What happened? Labor squibbed the opportunity. They abjectly failed to step up and show the courage and ambition that are necessary to resolve the housing crisis. They've done that by prioritising tax breaks for wealthy property investors over renters and young people trying to buy their first home. They left $33 billion of tax breaks on the table. People with two or more investment properties own a collective 1.7 million dwellings between them, and, at its most extreme, people with seven or more investment properties own 94,000 homes and claimed $1.9 billion in tax deductions. Labor chose that group of people, that tiny group of superwealthy people, over the seven million renters in Australia.

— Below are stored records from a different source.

Lemma twin_edge a b c : twin e a b -> e a c -> c != b -> e b c.
Proof.
move=> /eqP tw eac cb; have : c \in nbh e a :\ b by rewrite !inE cb.
by rewrite tw !inE => /andP[].
Qed.

Hypothesis e_sym : symmetric e.

Lemma ball_sym k u v : (v \in ball e k u) = (u \in ball e k v).
Proof.
suff imp k' u' v' : v' \in ball e k' u' -> u' \in ball e k' v'.
  by apply/idP/idP; apply: imp.
elim: k' u' v' => [|n IH] u' v'; first by rewrite !inE => /eqP->.
rewrite ballS => /orP[/IH/ball_subS // | /existsP[z /andP[/IH zin ezv]]].
by apply: ball_edge_center zin; rewrite e_sym.
Qed.

Lemma ball_twin k w w' x :
  twin e w w' -> x != w -> w \in ball e k x -> w' \in ball e k x.
Proof.
move=> tw xw; elim: k => [|k IH]; first by rewrite inE => /eqP wx; rewrite wx eqxx in xw.
rewrite ballS => /orP[/IH/ball_subS // | /existsP[y /andP[yin eyw]]].
have [<-|yw'] := eqVneq y w'; first exact: ball_subS.
by apply: ball_edge yin _; rewrite e_sym (twin_edge tw) // e_sym.
Qed.

End Balls.

Section Distance.
Variables (T : finType) (e : rel T).
Implicit Types (u v w x y z : T) (S : {set T}).

Lemma dist_attained u v :
  dist e u v = #|T| \/ exists2 k : 'I_#|T|, v \in ball e k u & dist e u v = k.
Proof. exact: big_minn_attained. Qed.

Lemma dist_leq_card u v : dist e u v <= #|T|.
Proof. by case: (dist_attained u v) => [-> | [k _ ->]] //; apply: ltnW. Qed.

Lemma dist_leq k u v : k < #|T| -> v \in ball e k u -> dist e u v <= k.
Proof.
move=> kT vin; pose P j := v \in ball e (@nat_of_ord #|T| j) u.
exact: (@big_minn_leq _ P (@nat_of_ord _) _ (Ordinal kT) vin).
Qed.

Lemma dist_ball u v : dist e u v < #|T| -> v \in ball e (dist e u v) u.
Proof. by case: (dist_attained u v) => [-> | [k kin ->]]; rewrite ?ltnn. Qed.

Lemma eq_dist u v u' v' :
  (forall k, (v \in ball e k u) = (v' \in ball e k u')) -> dist e u v = dist e u' v'.
Proof. by move=> eqb; apply: eq_bigl => k; apply: eqb. Qed.

Lemma dist_self u : dist e u u = 0.
Proof.
have T0 : 0 < #|T| by apply/card_gt0P; exists u.
by apply/eqP; rewrite -leqn0 (dist_leq T0) // ball_center.
Qed.

Lemma dist_eq0 u v : (dist e u v == 0) = (v == u).
Proof.
apply/eqP/eqP => [d0|->]; last exact: dist_self.
have T0 : 0 < #|T| by apply/card_gt0P; exists u.
have /dist_ball : dist e u v < #|T| by rewrite d0.
by rewrite d0 inE => /eqP.
Qed.

Lemma dset_leq u S w : w \in S -> dset e u S <= dist e u w.
Proof. exact: big_minn_leq. Qed.

Lemma dset_const u S c a :
  a \in S -> {in S, forall w, dist e u w = c} -> dset e u S = c.
Proof.
move=> aS Sc; apply/eqP; rewrite eqn_leq -{1}(Sc a aS) dset_leq //.
by apply: leq_big_minn => [|w /Sc <-] //; rewrite -(Sc a aS) dist_leq_card.
Qed.

Lemma dset1 u a : dset e u [set a] = dist e u a.
Proof. by apply: dset_const (set11 a) _ => w /set1P->. Qed.

Lemma dset_eq0 u S : (dset e u S == 0) = (u \in S).
Proof.
apply/eqP/idP => [d0 | uS]; last by apply/eqP; rewrite -leqn0 -(dist_self u) dset_leq.
have T0 : 0 < #|T| by apply/card_gt0P; exists u.
case: (big_minn_attained (mem S) (dist e u) #|T|) => [|[w wS]]; rewrite -/(dset e u S) d0.
  by move=> T0'; rewrite -T0' in T0.
by move/esym/eqP; rewrite dist_eq0 => /eqP <-.
Qed.

Lemma dset_eq1 u S s : 1 < #|T| -> u \notin S -> s \in S -> e u s -> dset e u S = 1.
Proof.
move=> T1 uS sS eus; apply/eqP; rewrite eqn_leq lt0n dset_eq0 uS andbT.
by apply: leq_trans (dset_leq u sS) (dist_leq T1 (ball_edge (ball_center _ _ _) eus)).
Qed.

Hypothesis e_sym : symmetric e.

Lemma dist_sym u v : dist e u v = dist e v u.
Proof. by apply: eq_dist => k; apply: ball_sym. Qed.

Lemma dist_twin w w' x :
  twin e w w' -> x != w -> x != w' -> dist e x w = dist e x w'.
Proof.
move=> tw xw xw'; apply: eq_dist => k; apply/idP/idP; apply: ball_twin => //.
by rewrite /twin eq_sym.
Qed.

Lemma dset_twin w w' S :
  twin e w w' -> w \notin S -> w' \notin S -> dset e w S = dset e w' S.
Proof.
move=> tw wS w'S; apply: eq_bigr => y yS.
rewrite !(dist_sym _ y) (dist_twin tw) //.
  by apply: contraNneq wS => <-.
by apply: contraNneq w'S => <-.
Qed.

Lemma dset_twin_set (W : {set T}) v w :
  {in W &, forall x y, twin e x y} -> v \notin W -> w \in W -> dset e v W = dist e v w.
Proof.
move=> twW vW wW; apply: (dset_const (a := w)) => // w' w'W.
by apply: (dist_twin (twW _ _ w'W wW)); apply: contraNneq vW => ->.
Qed.

Hypothesis e_irr : irreflexive e.

Lemma dist_eq1 u v : 1 < #|T| -> (dist e u v == 1) = e u v.
Proof.
move=> T1; apply/eqP/idP => [d1 | euv].
  have /dist_ball : dist e u v < #|T| by rewrite d1.
  rewrite d1 ballS.
  case/orP => [|/existsP[z /andP[]]]; rewrite inE => /eqP; last by move->.
  by move=> vu; move: d1; rewrite vu dist_self.
apply/eqP; rewrite eqn_leq (dist_leq T1) ?(ball_edge (ball_center _ _ _) euv) //.
by rewrite lt0n dist_eq0; apply: contraTneq euv => ->; rewrite e_irr.
Qed.

End Distance.

Lemma nbhS_setD_neq0 (T : finType) (e : rel T) (W : {set T}) a b :
  symmetric e -> a \in W -> b \notin W -> connect e a b -> nbhS e W :\: W != set0.
Proof.
move=> e_sym aW bW ab; apply: contraNneq bW => NW0.
suff clW : closed e W by rewrite -(closed_connect clW ab).
apply: (intro_closed (sym_connect_sym e_sym)) => x y exy xW; apply: contraT => yW.
by rewrite -(in_set0 y) -NW0 inE yW; apply/bigcupP; exists x; rewrite ?inE.
Qed.

Section PreimPartition.
Variables (T rT : finType) (e : rel T) (g : T -> rT).
Local Notation P := (preim_partition g [set: T]).

Lemma card_preim_partition : #|P| = #|g @: [set: T]|.
Proof.
pose block t := [set z in [set: T] | t == g z].
rewrite [P](_ : _ = block @: (g @: [set: T])); last by rewrite -imset_comp.
rewrite card_in_imset // => _ _ /imsetP[a _ ->] /imsetP[b _ ->] /setP/(_ a).
by rewrite !inE eqxx => /esym/eqP.
Qed.

Lemma preim_partition_set1 t : (forall z, g z = g t -> z = t) -> [set t] \in P.
Proof.
move=> gt; suff -> : [set t] = [set z in [set: T] | g t == g z] by apply: imset_f.
by apply/setP => z; rewrite !inE; apply/eqP/eqP => [-> | /esym/gt].
Qed.

Lemma preim_partition_locating :
  (forall u u', u != u' -> g u = g u' ->
     exists2 S, S \in P & dset e u S <> dset e u' S) ->
  locating_partition e P.
Proof.
move=> sep; split=> [|u u' uu']; first exact: preim_partitionP.
have [|g_neq] := eqVneq (g u) (g u'); first exact: sep.
pose S := [set z in [set: T] | g u == g z].
have uS : dset e u S == 0 by rewrite dset_eq0 /S !inE eqxx.
have u'S : dset e u' S != 0 by rewrite dset_eq0 /S !inE.
by exists S; [apply: imset_f | rewrite (eqP uS) => /esym/eqP; apply/negP].
Qed.

End PreimPartition.

Section TwinClique.
Variables (T : finType) (e : rel T) (W : {set T}).
Hypotheses (e_sym : symmetric e) (e_irr : irreflexive e) (nontriv : 1 < #|T|).
Hypotheses (twinW : {in W &, forall u v, twin e u v}) (completeW : complete_on e W).

Lemma twin_set_adj x w : x \in nbhS e W :\: W -> w \in W -> e w x.
Proof.
case/setDP => /bigcupP[w0 w0W]; rewrite inE => ew0x xW wW.
have [<- // | w0w] := eqVneq w0 w.
by apply: (twin_edge (twinW w0W wW) ew0x); apply: contraNneq xW => ->.
Qed.

Lemma locating_pblock_twin P w w' :
  locating_partition e P -> twin e w w' -> w != w' -> pblock P w != pblock P w'.
Proof.
case=> partP loc tw ww'; apply/negP => /eqP samew.
have [S SP] := loc w w' ww'; apply.
have sameS : (w \in S) = (w' \in S) by rewrite -!(pblock_eqE _ partP SP) samew.
have [wS | wS] := boolP (w \in S).
  have w'S : w' \in S by rewrite -sameS.
  by move: wS w'S; rewrite -!(dset_eq0 e) => /eqP-> /eqP->.
by apply: dset_twin; rewrite // -sameS.
Qed.

Lemma locating_card_gt P x :
  x \in nbhS e W :\: W -> locating_partition e P -> #|W| < #|P|.
Proof.
move=> xN hP; have [partP loc] := hP; have [/eqP cov _ _] := and3P partP.
have pblockP y : pblock P y \in P by rewrite pblock_mem // cov inE.
have inj : {in W &, injective (pblock P)}.
  move=> w w' wW w'W /eqP; apply: contraTeq => ww'.
  exact: locating_pblock_twin hP (twinW wW w'W) ww'.
rewrite ltnNge; apply/negP => cardP.
have onto : pblock P @: W = P.
  apply/eqP; rewrite eqEcard card_in_imset // cardP andbT.
  by apply/subsetP => _ /imsetP[w _ ->].
have /imsetP[w wW xw] : pblock P x \in pblock P @: W by rewrite onto.
have [_ xW] := setDP xN; have x_neq_w : x != w by apply: contraNneq xW => ->.
have [S SP] := loc x w x_neq_w; apply.
have /imsetP[w' w'W defS] : S \in pblock P @: W by rewrite onto.
have sameS : (x \in S) = (w \in S) by rewrite -!(pblock_eqE _ partP SP) xw.
have [wS | wS] := boolP (w \in S).
  have xS : x \in S by rewrite sameS.
  by move: xS wS; rewrite -!(dset_eq0 e) => /eqP-> /eqP->.
have w'S : w' \in S by rewrite defS mem_pblock cov inE.
have w_neq_w' : w != w' by apply: contraNneq wS => ->.
rewrite (dset_eq1 nontriv _ w'S (completeW wW w'W w_neq_w')) //.
by rewrite (dset_eq1 nontriv _ w'S) ?sameS // e_sym twin_set_adj.
Qed.

Section GluePartition.
Variables (v w1 : T) (f : T -> T).
Local Notation X := (~: (v |: W)).
Hypotheses (vW : v \notin W) (f_inj : {in X &, injective f}).
Hypotheses (fXW : {in X, forall x, f x \in W}).
Hypotheses (w1W : w1 \in W) (w1_fX : w1 \notin f @: X).
Hypothesis dist_v : forall z, z \in nbhS e W :\: W -> dist e v z <> dset e v W.

Let g y := if y \in X then f y else y.
Local Notation P := (preim_partition g [set: T]).

Let gX y : y \in X -> g y = f y. Proof. by rewrite /g => ->. Qed.
Let gNX y : y \notin X -> g y = y. Proof. by rewrite /g => /negbTE->. Qed.
Let XE y : (y \in X) = (y != v) && (y \notin W). Proof. by rewrite !inE negb_or. Qed.

Lemma glue_partition_separates x :
  x \in X -> exists2 S, S \in P & dset e x S <> dset e (f x) S.
Proof.
move=> xX; have fxW := fXW xX; move: (xX); rewrite XE => /andP[xv xW].
have [xN | xN] := boolP (x \in nbhS e W).
  exists [set v].
    apply: preim_partition_set1 => z; rewrite (@gNX v) ?XE ?eqxx //.
    have [zX gz | /gNX-> //] := boolP (z \in X).
    by move: vW; rewrite -gz gX // fXW.
  rewrite !dset1 !(dist_sym e_sym _ v) -(dset_twin_set e_sym twinW vW fxW).
  by apply: dist_v; rewrite inE xN xW.
exists [set w1].
  apply: preim_partition_set1 => z; rewrite (@gNX w1) ?XE ?w1W ?andbF //.
  have [zX fz | /gNX-> //] := boolP (z \in X).
  by move: w1_fX; rewrite -fz gX // imset_f.
have fx_w1 : f x != w1 by apply: contraNneq w1_fX => <-; apply: imset_f.
have fx_w1_adj : dist e (f x) w1 = 1 by apply/eqP; rewrite dist_eq1 // completeW.
rewrite !dset1 fx_w1_adj => /eqP; rewrite dist_eq1 // => exw1; case/negP: xN.
by apply/bigcupP; exists w1; rewrite // inE e_sym.
Qed.

Lemma glue_partition_locating : locating_partition e P.
Proof.
have collide x y : x \in X -> x != y -> g x = g y -> y = f x.
  move=> xX xy; rewrite gX //; have [yX | /gNX-> //] := boolP (y \in X).
  by rewrite gX // => /(f_inj xX yX) eq_xy; rewrite eq_xy eqxx in xy.
apply: preim_partition_locating => u u' uu' guu.
have [uX | uNX] := boolP (u \in X).
  by rewrite (collide u u'); first exact: glue_partition_separates.
have [u'X | u'NX] := boolP (u' \in X).
  have [S SP neq] := glue_partition_separates u'X.
  by exists S => //; rewrite (collide u' u) 1?eq_sym // => /esym.
by move: guu; rewrite !gNX // => /eqP; rewrite (negbTE uu').
Qed.

Lemma card_glue_partition : #|P| = #|W|.+1.
Proof.
rewrite card_preim_partition (_ : g @: _ = v |: W) ?cardsU1 ?vW //.
apply/setP => t; apply/imsetP/idP => [[y _ ->] | tvW]; last first.
  by exists t; rewrite ?gNX // inE negbK.
have [yX | yNX] := boolP (y \in X); first by rewrite gX // inE fXW ?orbT.
by rewrite gNX // -[_ |: _]setCK inE.
Qed.

End GluePartition.

Lemma locating_of_distinguishing v :
  #|T| <= 2 * #|W| -> W_distinguishing e W v ->
  exists2 P, locating_partition e P & #|P| = #|W|.+1.
Proof.
move=> small [vW dist_v].
have cardX : #|~: (v |: W)| < #|W|.
  by move: small; rewrite -(cardsC (v |: W)) cardsU1 vW; lia.
have [f [f_inj fXW [w1 w1W w1_fX]]] := exists_inj_avoid cardX.
by eexists; [apply: glue_partition_locating w1_fX _ | apply: card_glue_partition].
Qed.

Lemma partition_dim_of_distinguishing v :
  (forall x y, connect e x y) -> #|T| <= 2 * #|W| -> W_distinguishing e W v ->
  partition_dim_is e #|W|.+1.
Proof.
move=> e_conn small dv; split; first exact: locating_of_distinguishing dv.
have [vW _] := dv; have [w wW] : exists w, w \in W.
  by apply/set0Pn; apply: contraTneq small => ->; rewrite cards0 -ltnNge (ltnW nontriv).
have /set0Pn[x xN] := nbhS_setD_neq0 e_sym wW vW (e_conn w v).
by move=> P; apply: locating_card_gt xN.
Qed.

Lemma isolated_distinguishing x :
  x \in nbhS e W :\: W -> (forall y, y \in nbhS e W :\: W -> ~~ e x y) ->
  W_distinguishing e W x.
Proof.
move=> xN iso; have [/bigcupP[w wW] /[!inE] ewx xW] := setDP xN.
have dxw : dist e x w = 1 by apply/eqP; rewrite dist_eq1 // e_sym.
split=> // z zN; rewrite (dset_twin_set e_sym twinW xW wW) dxw.
have [-> | zx] := eqVneq z x; first by rewrite dist_self.
by move/eqP; rewrite dist_eq1 //; apply/negP/iso.
Qed.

To put Labor's abject failure of courage and ambition into context—Treasury expects about 75,000 new first home buyers over the next decade or so. If Labor had stepped up and taken the kind of action we need to see, we could have had hundreds of thousands of homes available for renters and prospective first home buyers in the next few years alone. That would have been meaningful. That would have been an appropriate response to a housing crisis which is ripping our social fabric apart. But Labor failed to do that because they failed to show the ambition that was necessary.

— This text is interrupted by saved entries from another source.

Lemma ocross_back {b b'} : (pivot <= b)%N -> (b < b')%N -> (b' < k)%N -> 0 < C b b'.
Proof.
move=> pb; elim: b' => // b' IH bb' b'k; case: (ltngtP b b') => [lt||<-]; last 2 first.
- lia.
- exact: ocross_side_succ.
have [_ _ T] := halfplane_ocross_trans sg_sq dot_side0_gt0
  (back_in_halfplane pb (ltn_trans bb' b'k))
  (back_in_halfplane (leq_trans pb (ltnW lt)) (ltnW b'k))
  (back_in_halfplane (leq_trans pb (ltnW bb')) b'k).
rewrite -ocrossNN; apply: T; rewrite ocrossNN; last exact: ocross_side_succ.
by apply/ltW/IH => //; exact: ltnW.
Qed.

Lemma ocross_back_le {b b'} : (pivot <= b)%N -> (b <= b')%N -> (b' < k)%N -> 0 <= C b b'.
Proof.
move=> pb; rewrite leq_eqVlt => /orP [/eqP ->|bb'] b'k; first by rewrite ocrossxx.
exact/ltW/ocross_back.
Qed.

(* The merge of e_0, ..., e_(pivot-1) with -e_pivot, ..., -e_(k-1) by angle,
   with pointers [a] and [b]: the last direction passed in each list precedes
   the next direction of the other one. *)
Definition merge_inv (a b : nat) :=
  [/\ [&& (a <= pivot)%N, (pivot <= b)%N & (b <= k)%N], (a = 0%N -> b = pivot),
      ((a < pivot)%N -> (pivot < b)%N -> 0 <= C a b.-1) &
      ((0 < a)%N -> (b < k)%N -> C a.-1 b <= 0)].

This is now Labor's housing crisis. Young people and people who are watching the great Australian dream of owning their own home disappear off in the distance need to understand quite clearly the message that Labor is sending: Labor is not going to fix this housing crisis. Labor now owns the housing crisis, and the only party that is prepared to do the things necessary to fix the housing crisis in this country is the Australian Greens.
Young Australians are watching property investors keep all the tax breaks for as long as they like. For as long as they want to hold on to their properties, they'll keep the negative gearing benefits, and they'll keep the capital gains tax discount of 50 per cent up until 1 July next year. Young Australians are just going to have to cop it and wait. If they're saving up for a property, they'll have to wait patiently for investors to get bored of their tax breaks or to have their financial circumstances change and to sell up.

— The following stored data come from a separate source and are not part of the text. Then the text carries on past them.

Lemma tpoly_re_RInt d l x j : (j < d)%nat ->
  is_RInt (fun t => tpoly_re d l (upd x j t)) 0 1
    (tpoly_re d (filter (fun kc => Z.eqb (fst kc j) 0) l) x).
Proof.
  intros Hj. induction l as [|[k c] l IH].
  - apply is_RInt_const_01.
  - replace (tpoly_re d (filter _ ((k, c) :: l)) x)
      with ((if Z.eqb (k j) 0 then fst (trig_term d (k, c) x) else 0)
            + tpoly_re d (filter (fun kc => Z.eqb (fst kc j) 0) l) x).
    + apply (is_RInt_plus (fun t => fst (trig_term d (k, c) (upd x j t)))
                          (fun t => tpoly_re d l (upd x j t))); auto.
      apply trig_term_re_RInt; auto.
    + simpl filter. destruct (Z.eqb (k j) 0); [reflexivity|apply Rplus_0_l].
Qed.

Lemma tpoly_im_RInt d l x j : (j < d)%nat ->
  is_RInt (fun t => snd (tpoly d l (upd x j t))) 0 1
    (snd (tpoly d (filter (fun kc => Z.eqb (fst kc j) 0) l) x)).
Proof.
  intros Hj. rewrite tpoly_im, <- (filter_map_negi (fun k => Z.eqb (k j) 0)).
  apply (is_RInt_ext (fun t => tpoly_re d (map term_negi l) (upd x j t))).
  - intros t _. symmetry. apply tpoly_im.
  - apply tpoly_re_RInt; auto.
Qed.

Lemma RiemannInt_of_is_RInt (f : R -> R) v :
  is_RInt f 0 1 v -> exists pr : Riemann_integrable f 0 1, RiemannInt pr = v.
Proof.
  intros H. assert (pr : Riemann_integrable f 0 1) by (apply ex_RInt_Reals_0; exists v; auto).
  exists pr. rewrite <- RInt_Reals. apply is_RInt_unique. auto.
Qed.

Lemma tpoly_RiemannInt_coord d l x j : (j < d)%nat ->
  (exists pr : Riemann_integrable (fun t => fst (tpoly d l (upd x j t))) 0 1,
     RiemannInt pr = fst (tpoly d (filter (fun kc => Z.eqb (fst kc j) 0) l) x)) /\
  (exists pr : Riemann_integrable (fun t => snd (tpoly d l (upd x j t))) 0 1,
     RiemannInt pr = snd (tpoly d (filter (fun kc => Z.eqb (fst kc j) 0) l) x)).
Proof.
  intros Hj. split; apply RiemannInt_of_is_RInt; [apply tpoly_re_RInt | apply tpoly_im_RInt]; auto.
Qed.

Definition zero_freq (m : nat) (k : nat -> Z) : bool :=
  forallb (fun j => Z.eqb (k j) 0) (seq 0 m).

Lemma zero_freq_S m k : zero_freq (S m) k = andb (zero_freq m k) (Z.eqb (k m) 0).
Proof. unfold zero_freq. rewrite seq_S, forallb_app. simpl. rewrite Bool.andb_true_r. reflexivity.
  Qed.

Lemma zero_freq_iff m k : zero_freq m k = true <-> forall j, (j < m)%nat -> k j = 0%Z.
Proof.
  unfold zero_freq. rewrite forallb_forall. split.
  - intros H j Hj. apply Z.eqb_eq, H, in_seq. lia.
  - intros H j Hj. apply in_seq in Hj. apply Z.eqb_eq, H. lia.
Qed.

Lemma zero_freq_false m k : zero_freq m k = false -> exists j, (j < m)%nat /\ k j <> 0%Z.
Proof.
  intros H. apply NNPP. intros N. apply Bool.not_true_iff_false in H. apply H, zero_freq_iff.
  intros j Hj. apply NNPP. intros Hk. apply N. eauto.
Qed.

Lemma last_nonzero_index m (k : nat -> Z) : (exists j, (j < m)%nat /\ k j <> 0%Z) ->
  exists i, (i < m)%nat /\ k i <> 0%Z /\ forall l, (i < l < m)%nat -> k l = 0%Z.
Proof.
  induction m as [|m IH]; intros [j [Hj Hkj]]; [lia|].
  destruct (Z.eq_dec (k m) 0) as [Hm|Hm].
  - destruct IH as [i [Hi [Hki Habove]]].
    + exists j. split; auto. destruct (Nat.eq_dec j m) as [->|]; [contradiction|lia].
    + exists i. repeat split; [lia|auto|]. intros l Hl. destruct (Nat.eq_dec l m) as [->|]; auto.
      apply Habove. lia.
  - exists m. repeat split; auto; lia.
Qed.

Lemma tpoly_zero_freq_const d l x y : (forall kc, In kc l -> zero_freq d (fst kc) = true) ->
  tpoly d l x = tpoly d l y.
Proof.
  intros H. induction l as [|[k c] l IH]; [reflexivity|].
  rewrite !tpoly_cons, IH by (intros; apply H; right; auto).
  assert (Hk: forall j, (j < d)%nat -> k j = 0%Z) by (apply zero_freq_iff, (H (k, c)); left; auto).
  rewrite !trig_term_const by auto. reflexivity.
Qed.

Lemma tpoly_re_IntUpTo d m l x : (m <= d)%nat ->
  IntUpTo m (tpoly_re d l) x (tpoly_re d (filter (fun kc => zero_freq m (fst kc)) l) x).
Proof.
  revert l x. induction m as [|m IH]; intros l x Hm.
  - cbn [IntUpTo]. f_equal. exact (List.filter_true l).
  - exists (fun t => tpoly_re d (filter (fun kc => zero_freq m (fst kc)) l) (upd x m t)). split.
    + intros t. apply IH. lia.
    + apply RiemannInt_of_is_RInt.
      replace (filter (fun kc => zero_freq (S m) (fst kc)) l) with
        (filter (fun kc => Z.eqb (fst kc m) 0) (filter (fun kc => zero_freq m (fst kc)) l)).
      * apply tpoly_re_RInt. lia.
      * clear IH. induction l as [|kc l IHl]; [reflexivity|]. cbn [filter]. rewrite zero_freq_S.
        destruct (zero_freq m (fst kc)), (Z.eqb (fst kc m) 0) eqn:E; cbn [filter andb];
          rewrite ?E, ?IHl; reflexivity.
Qed.

Lemma tpoly_LebIntC d l :
  LebIntC d (tpoly d l) (tpoly d (filter (fun kc => zero_freq d (fst kc)) l) (fun _ => 0)).
Proof.
  assert (H0: forall l' x, tpoly d (filter (fun kc => zero_freq d (fst kc)) l') x
                       = tpoly d (filter (fun kc => zero_freq d (fst kc)) l') (fun _ => 0)).
  { intros l' x. apply tpoly_zero_freq_const. intros kc Hin. apply filter_In in Hin. apply Hin. }
  split; intros x; rewrite <- (H0 l x).
  - apply (tpoly_re_IntUpTo d d l x). lia.
  - rewrite tpoly_im, <- (filter_map_negi (zero_freq d)).
    rewrite (functional_extensionality _ _ (tpoly_im d l)).
    apply tpoly_re_IntUpTo. lia.
Qed.

Definition freqA (d : nat) (A : nat -> nat -> Z) (k : nat -> Z) : nat -> Z :=
  fun i => Zsum d (fun j => (A i j * k j)%Z).

Lemma phase_Tmap d A b k x : phase d k (Tmap d A b x) = phase d (freqA d A k) x + phase d k b.
Proof.
  unfold phase. rewrite <- Rmult_plus_distr_l. f_equal.
  rewrite (rsum_ext d _
    (fun j => rsum d (fun i => IZR (k j) * (x i * IZR (A i j))) + IZR (k j) * b j)).
  - rewrite rsum_plus, rsum_swap. f_equal. apply rsum_ext. intros i _.
    unfold freqA. rewrite IZR_Zsum, Rmult_comm, <- rsum_scal. apply rsum_ext. intros j _.
    rewrite mult_IZR. ring.
  - intros j Hj. unfold Tmap. apply Nat.ltb_lt in Hj. rewrite Hj, rsum_scal. ring.
Qed.

Definition term_Tmap d A (b : pt) (kc : term) : term :=
  (freqA d A (fst kc), crot (snd kc) (phase d (fst kc) b)).

Lemma tpoly_Tmap d A b l x : tpoly d l (Tmap d A b x) = tpoly d (map (term_Tmap d A b) l) x.
Proof.
  induction l as [|[k c] l IH]; [reflexivity|]. simpl map.
  rewrite !tpoly_cons, IH, (trig_term_shift d k (freqA d A k) c x _ (phase d k b)); [reflexivity|].
  apply phase_Tmap.
Qed.

Definition Titer d A b n (x : pt) : pt := Nat.iter n (Tmap d A b) x.

Lemma Titer_Tmap d A b n x : Titer d A b n (Tmap d A b x) = Titer d A b (S n) x.
Proof. unfold Titer. rewrite Nat.iter_succ_r. reflexivity. Qed.

Definition terms_Titer d A b n (l : list term) : list term := Nat.iter n (map (term_Tmap d A b)) l.

Lemma tpoly_Titer d A b n l x : tpoly d l (Titer d A b n x) = tpoly d (terms_Titer d A b n l) x.
Proof.
  revert l x. induction n as [|n IH]; intros l x; [reflexivity|].
  unfold Titer, terms_Titer. rewrite Nat.iter_succ, Nat.iter_succ_r.
  rewrite tpoly_Tmap. apply IH.
Qed.

Lemma upd_upd (x : pt) j s t : upd (upd x j s) j t = upd x j t.
Proof. apply functional_extensionality. intros i. unfold upd. destruct (Nat.eqb i j); auto. Qed.

Lemma upd_same (x : pt) j s : upd x j s j = s.
Proof. unfold upd. rewrite Nat.eqb_refl. auto. Qed.

Lemma upd_id (x : pt) j : upd x j (x j) = x.
Proof.
  apply functional_extensionality. intros i. unfold upd. destruct (Nat.eqb_spec i j); subst; auto.
Qed.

Treasury told the Greens led Senate inquiry into the capital gains tax discount that the average time that an investment property is held is nine years, so we're going to have to wait on average nearly a decade for these changes to wash through in any significant form. That's a decade-long wait for a bit of fairness in the housing market. It didn't have to be this way. The grandparenting or locking in of these tax perks could have been constrained to one investment property, not extended to people with five or 15 or 50 or 100 investment properties.
The words of former Treasury secretary Ken Henry to the Greens' capital gains tax inquiry when he was asked about grandfathering bear repeating: 'I hate it,' he said. To quote Saul Eslake's testimony, it 'privileges people, in essence, on the basis of when they were born or when they took particular decisions.'
Glenn Sterle (WA, Australian Labor Party) | Link to this | Hansard source
Order! Thank you, Senator McKim. It now being 1.30, we'll go to two-minute statements.